Compensation Committee
Members of the Compensation Committee currently consist of Dr. Johnson and Mr. Rosenblum. The Compensation Committee met two times during fiscal year 2016. The Board of Directors appoints members of the Compensation Committee. Mr. Rosenblum and Dr. Johnson are independent directors, as determined by the Board of Directors in accordance with the NASDAQ Stock Market Rules, including Rule 5605(d)(2)(A). The Compensation Committee is governed by a charter approved by the Board of Directors, a copy of which is available on the Company’s website www.trackgrp.com.
The Compensation Committee has responsibility for developing and maintaining an executive compensation policy that creates a direct relationship between pay levels and corporate performance and returns to stockholders. The Committee monitors the results of such policy to assure that the compensation payable to our executive officers provides overall competitive pay levels, creates proper incentives to enhance shareholder value, rewards superior performance, and is justified by the returns available to stockholders.

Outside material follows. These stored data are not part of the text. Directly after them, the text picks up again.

(* Let $G$ be a topological group. (i) Let $X$ be a discrete space with a continuous $G$-action and $c:G\times X\to\mathbf S^1$ a continuous cocycle. Then the representation $\lambda_X^c$ of $G$ on $\ell_2(X)$ is unitarily equivalent to a direct sum of monomial representations $\mathrm{Ind}_H^G\chi$ associated to open subgroups $H$ of $G$ (and unitary characters $\chi$ of $H$). (ii) Let $\pi=\bigoplus_{i\in I}\mathrm{Ind}_{H_i}^G\chi_i$ be a direct sum of monomial representations associated to open subgroups $H_i$ of $G$ and unitary characters $\chi_i$ of $H_i$. Let $X=\coprod_{i\in I}G/H_i$ with the natural $G$-action. Then $\pi$ is unitarily equivalent to $\lambda_X^c$ for some cocycle $c:G\times X\to\mathbf S^1$.
   Context: An action of $G$ on a discrete space $X$ is continuous iff all point stabilizers are open. A cocycle $c:G\times X\to\mathbf S^1$ satisfies $c(g_1g_2,x)=c(g_1,g_2x)c(g_2,x)$ for all $g_1,g_2\in G$, $x\in X$. The twisted permutation representation $\lambda_X^c$ on $\ell_2(X)$ is $\lambda_X^c(g)f(x)=c(g^{-1},x)f(g^{-1}x)$. A monomial representation is an induced representation $\mathrm{Ind}_H^G\chi$ with $\chi:H\to\mathbf S^1$ a (continuous) unitary character. *)

From HB Require Import structures.
From mathcomp Require Import all_boot all_order all_algebra.
From mathcomp Require Import all_classical all_reals all_analysis.
From mathcomp Require Export complex.
Set Implicit Arguments. Unset Strict Implicit. Unset Printing Implicit Defensive.
Import Order.TTheory GRing.Theory Num.Theory.
Import numFieldNormedType.Exports.
Local Open Scope classical_set_scope.
Local Open Scope ring_scope.

Section TopGroup.
Variable G : Type.
Variables (mul : G -> G -> G) (inv : G -> G) (one : G).

Definition is_group :=
  [/\ forall x y z, mul x (mul y z) = mul (mul x y) z,
      forall x, mul one x = x, forall x, mul x one = x,
      forall x, mul (inv x) x = one & forall x, mul x (inv x) = one].

Definition is_subgroup (H : set G) :=
  [/\ H one, forall x y, H x -> H y -> H (mul x y) & forall x, H x -> H (inv x)].

Definition lcoset (g : G) (H : set G) : set G := [set mul g h | h in H].

Definition lcosets (H : set G) : Type := {C : set G | exists g, C = lcoset g H}.

Definition lcoset_rep (H : set G) (C : lcosets H) : G := projT1 (cid (proj2_sig C)).

(* natural (left translation) action of G on G/H; under the group axioms the
   first branch is always taken *)
Definition lcoset_move (H : set G) (g : G) (C : lcosets H) : lcosets H :=
  match pselect (exists g', lcoset g (proj1_sig C) = lcoset g' H) with
  | left p => exist _ (lcoset g (proj1_sig C)) p
  | right _ => C
  end.

Definition cosets_sum (I : Type) (H : I -> set G) : Type :=
  {i : I & lcosets (H i)}.

Definition cosets_sum_act (I : Type) (H : I -> set G) (g : G)
  (q : cosets_sum H) : cosets_sum H :=
  existT _ (projT1 q) (lcoset_move g (projT2 q)).

Definition is_action (X : Type) (act : G -> X -> X) :=
  (forall x, act one x = x) /\ (forall g1 g2 x, act (mul g1 g2) x = act g1 (act g2 x)).
End TopGroup.

Definition is_topological_group (G : topologicalType)
  (mul : G -> G -> G) (inv : G -> G) (one : G) :=
  [/\ is_group mul inv one,
      continuous (fun p : G * G => mul p.1 p.2) & continuous inv].

Definition open_subgroup (G : topologicalType)
  (mul : G -> G -> G) (inv : G -> G) (one : G) (H : set G) :=
  is_subgroup mul inv one H /\ open H.

Section Complex.
Variable R : realType.

Definition nsq (z : R[i]) : R := Normc.normc z ^+ 2.

Definition in_S1 (z : R[i]) : Prop := Normc.normc z = 1.

(* continuity of a C-valued map (C carries the product topology of R x R) *)
Definition continuousC (T : topologicalType) (f : T -> R[i]) :=
  continuous (fun t => complex.Re (f t) : R) /\ continuous (fun t => complex.Im (f t) : R).

Definition continuousC_within (T : topologicalType) (A : set T) (f : T -> R[i]) :=
  {within A, continuous (fun t => complex.Re (f t) : R)} /\
  {within A, continuous (fun t => complex.Im (f t) : R)}.

Definition unitary_character (G : topologicalType) (mul : G -> G -> G)
  (H : set G) (chi : G -> R[i]) :=
  [/\ forall h, H h -> in_S1 (chi h),
      forall h k, H h -> H k -> chi (mul h k) = chi h * chi k &
      continuousC_within H chi].

Definition continuous_action (G : topologicalType) (mul : G -> G -> G) (one : G)
  (X : discreteTopologicalType) (act : G -> X -> X) :=
  is_action mul one act /\ continuous (fun p : G * X => act p.1 p.2).

Definition cocycle (G X : Type) (mul : G -> G -> G) (act : G -> X -> X)
  (c : G -> X -> R[i]) :=
  (forall g x, in_S1 (c g x)) /\
  (forall g1 g2 x, c (mul g1 g2) x = c g1 (act g2 x) * c g2 x).

Definition continuous_cocycle (G : topologicalType) (X : discreteTopologicalType)
  (mul : G -> G -> G) (act : G -> X -> X) (c : G -> X -> R[i]) :=
  cocycle mul act c /\ continuousC (fun p : G * X => c p.1 p.2).

Definition l2_nsq (X : Type) (f : X -> R[i]) : \bar R :=
  \esum_(x in [set: {classic X}]) (nsq (f x))%:E.

Definition l2_space (X : Type) : set (X -> R[i]) :=
  [set f | (l2_nsq f < +oo)%E].

Definition lambda_rep (G X : Type) (inv : G -> G) (act : G -> X -> X)
  (c : G -> X -> R[i]) (g : G) (f : X -> R[i]) : X -> R[i] :=
  fun x => c (inv g) x * f (act (inv g) x).

(* The Hilbert direct sum (+)_{i in I} Ind_{H_i}^G chi_i is realised as the space
   of functions F on the disjoint union {i : I & G} such that
   F(i, g h) = chi_i(h)^-1 F(i, g) for h in H_i, with
   sum_i sum_{gH_i in G/H_i} |F(i, g)|^2 < oo; G acts by left translation. *)
Definition ind_space (G : Type) (mul : G -> G -> G) (I : Type) (H : I -> set G)
  (chi : I -> G -> R[i]) : set ({i : I & G} -> R[i]) :=
  [set F | (forall i g h, H i h ->
              F (existT _ i (mul g h)) = (chi i h)^-1 * F (existT _ i g)) /\
           (\esum_(q in [set: {classic cosets_sum mul H}])
              (nsq (F (existT _ (projT1 q) (lcoset_rep (projT2 q)))))%:E < +oo)%E].

Definition ind_nsq (G : Type) (mul : G -> G -> G) (I : Type) (H : I -> set G)
  (F : {i : I & G} -> R[i]) : \bar R :=
  \esum_(q in [set: {classic cosets_sum mul H}])
     (nsq (F (existT _ (projT1 q) (lcoset_rep (projT2 q)))))%:E.

Definition ind_act (G : Type) (mul : G -> G -> G) (inv : G -> G) (I : Type)
  (g : G) (F : {i : I & G} -> R[i]) : {i : I & G} -> R[i] :=
  fun p => F (existT _ (projT1 p) (mul (inv g) (projT2 p))).

Definition unitarily_equivalent (G T1 T2 : Type)
  (S1 : set (T1 -> R[i])) (N1 : (T1 -> R[i]) -> \bar R)
  (rho1 : G -> (T1 -> R[i]) -> (T1 -> R[i]))
  (S2 : set (T2 -> R[i])) (N2 : (T2 -> R[i]) -> \bar R)
  (rho2 : G -> (T2 -> R[i]) -> (T2 -> R[i])) :=
  exists U : (T1 -> R[i]) -> (T2 -> R[i]),
    [/\ forall v, S1 v -> S2 (U v),
        forall v, S1 v -> N2 (U v) = N1 v,
        forall a v w, S1 v -> S1 w ->
          U (fun t => a * v t + w t) = (fun s => a * U v s + U w s),
        forall w, S2 w -> exists2 v, S1 v & U v = w
      & forall g v, S1 v -> U (rho1 g v) = rho2 g (U v)].
End Complex.

From HB Require Import structures.
From mathcomp Require Import all_boot all_order all_algebra.
From mathcomp Require Import all_classical all_reals all_analysis.
From mathcomp Require Import complex ring.
Import Order.TTheory GRing.Theory Num.Theory.
Import numFieldNormedType.Exports.
Local Open Scope classical_set_scope.
Local Open Scope ring_scope.
Set Implicit Arguments. Unset Strict Implicit. Unset Printing Implicit Defensive.

(* (i) Pick a point x_i in each G-orbit of X. Its stabiliser H_i is open because
   the action is continuous and X is discrete, and the cocycle identity makes
   h |-> c(h, x_i)^-1 a unitary character chi_i of H_i. As the orbit of x_i is
   G/H_i, the map f |-> ((i, g) |-> c(g, x_i) f(g x_i)) is a G-equivariant
   isometry of l2(X) onto the sum of the Ind chi_i.
   (ii) Conversely, fix a representative r(C) of every coset C in
   X = coprod_i G/H_i. Evaluation at these representatives identifies the sum of
   the Ind chi_i with l2(X), and transports left translation to lambda_X^c for
   c(g, C) = chi_i(r(gC)^-1 g r(C))^-1. *)

Section Group.
Variables (G : Type) (mul : G -> G -> G) (inv : G -> G) (one : G).
Hypothesis Hg : is_group mul inv one.

Lemma grp_mulA x y z : mul x (mul y z) = mul (mul x y) z. Proof. by case: Hg. Qed.
Lemma grp_mul1g x : mul one x = x. Proof. by case: Hg. Qed.
Lemma grp_mulg1 x : mul x one = x. Proof. by case: Hg. Qed.
Lemma grp_mulVg x : mul (inv x) x = one. Proof. by case: Hg. Qed.
Lemma grp_mulgV x : mul x (inv x) = one. Proof. by case: Hg. Qed.

Lemma grp_mulKg x y : mul (inv x) (mul x y) = y.
Proof. by rewrite grp_mulA grp_mulVg grp_mul1g. Qed.

Lemma grp_mulKVg x y : mul x (mul (inv x) y) = y.
Proof. by rewrite grp_mulA grp_mulgV grp_mul1g. Qed.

The Compensation Committee also acts on behalf of the Board of Directors in administering compensation plans approved by the Board, in a manner consistent with the terms of such plans (including, as applicable, the granting of stock options, restricted stock, stock units and other awards, the review of performance goals established before the start of the relevant plan year, and the determination of performance compared to the goals at the end of the plan year). The Committee reviews and makes recommendations to the Board with respect to new compensation incentive plans and equity-based plans; reviews and recommends the compensation of the Company’s directors to the full Board for approval; and reviews and makes recommendations to the Board on changes in major benefit programs of executive officers of the Company.
Nominating and Corporate Governance Committee
Messrs. van Daele, Boone and Dr. Johnson currently serve as members of the Nominating and Corporate Governance Committee. The Nominating Committee has the responsibility for identifying and recommending candidates to fill vacant and newly created Board positions, setting corporate governance guidelines regarding director qualifications and responsibilities, and planning for senior management succession.
The Nominating and Corporate Governance Committee is required to review the qualifications and backgrounds of all directors and nominees (without regard to whether a nominee has been recommended by stockholders), as well as the overall composition of the Board of Directors, and recommend a slate of directors to be nominated for election at the annual meeting of stockholders, or, in the case of a vacancy on the Board of Directors, recommend a director to be elected by the Board to fill such vacancy. The Nominating and Corporate Governance Committee held one meeting during fiscal 2016. The Nominating and Corporate Governance Committee’s charter is available on our website, www.trackgrp.com.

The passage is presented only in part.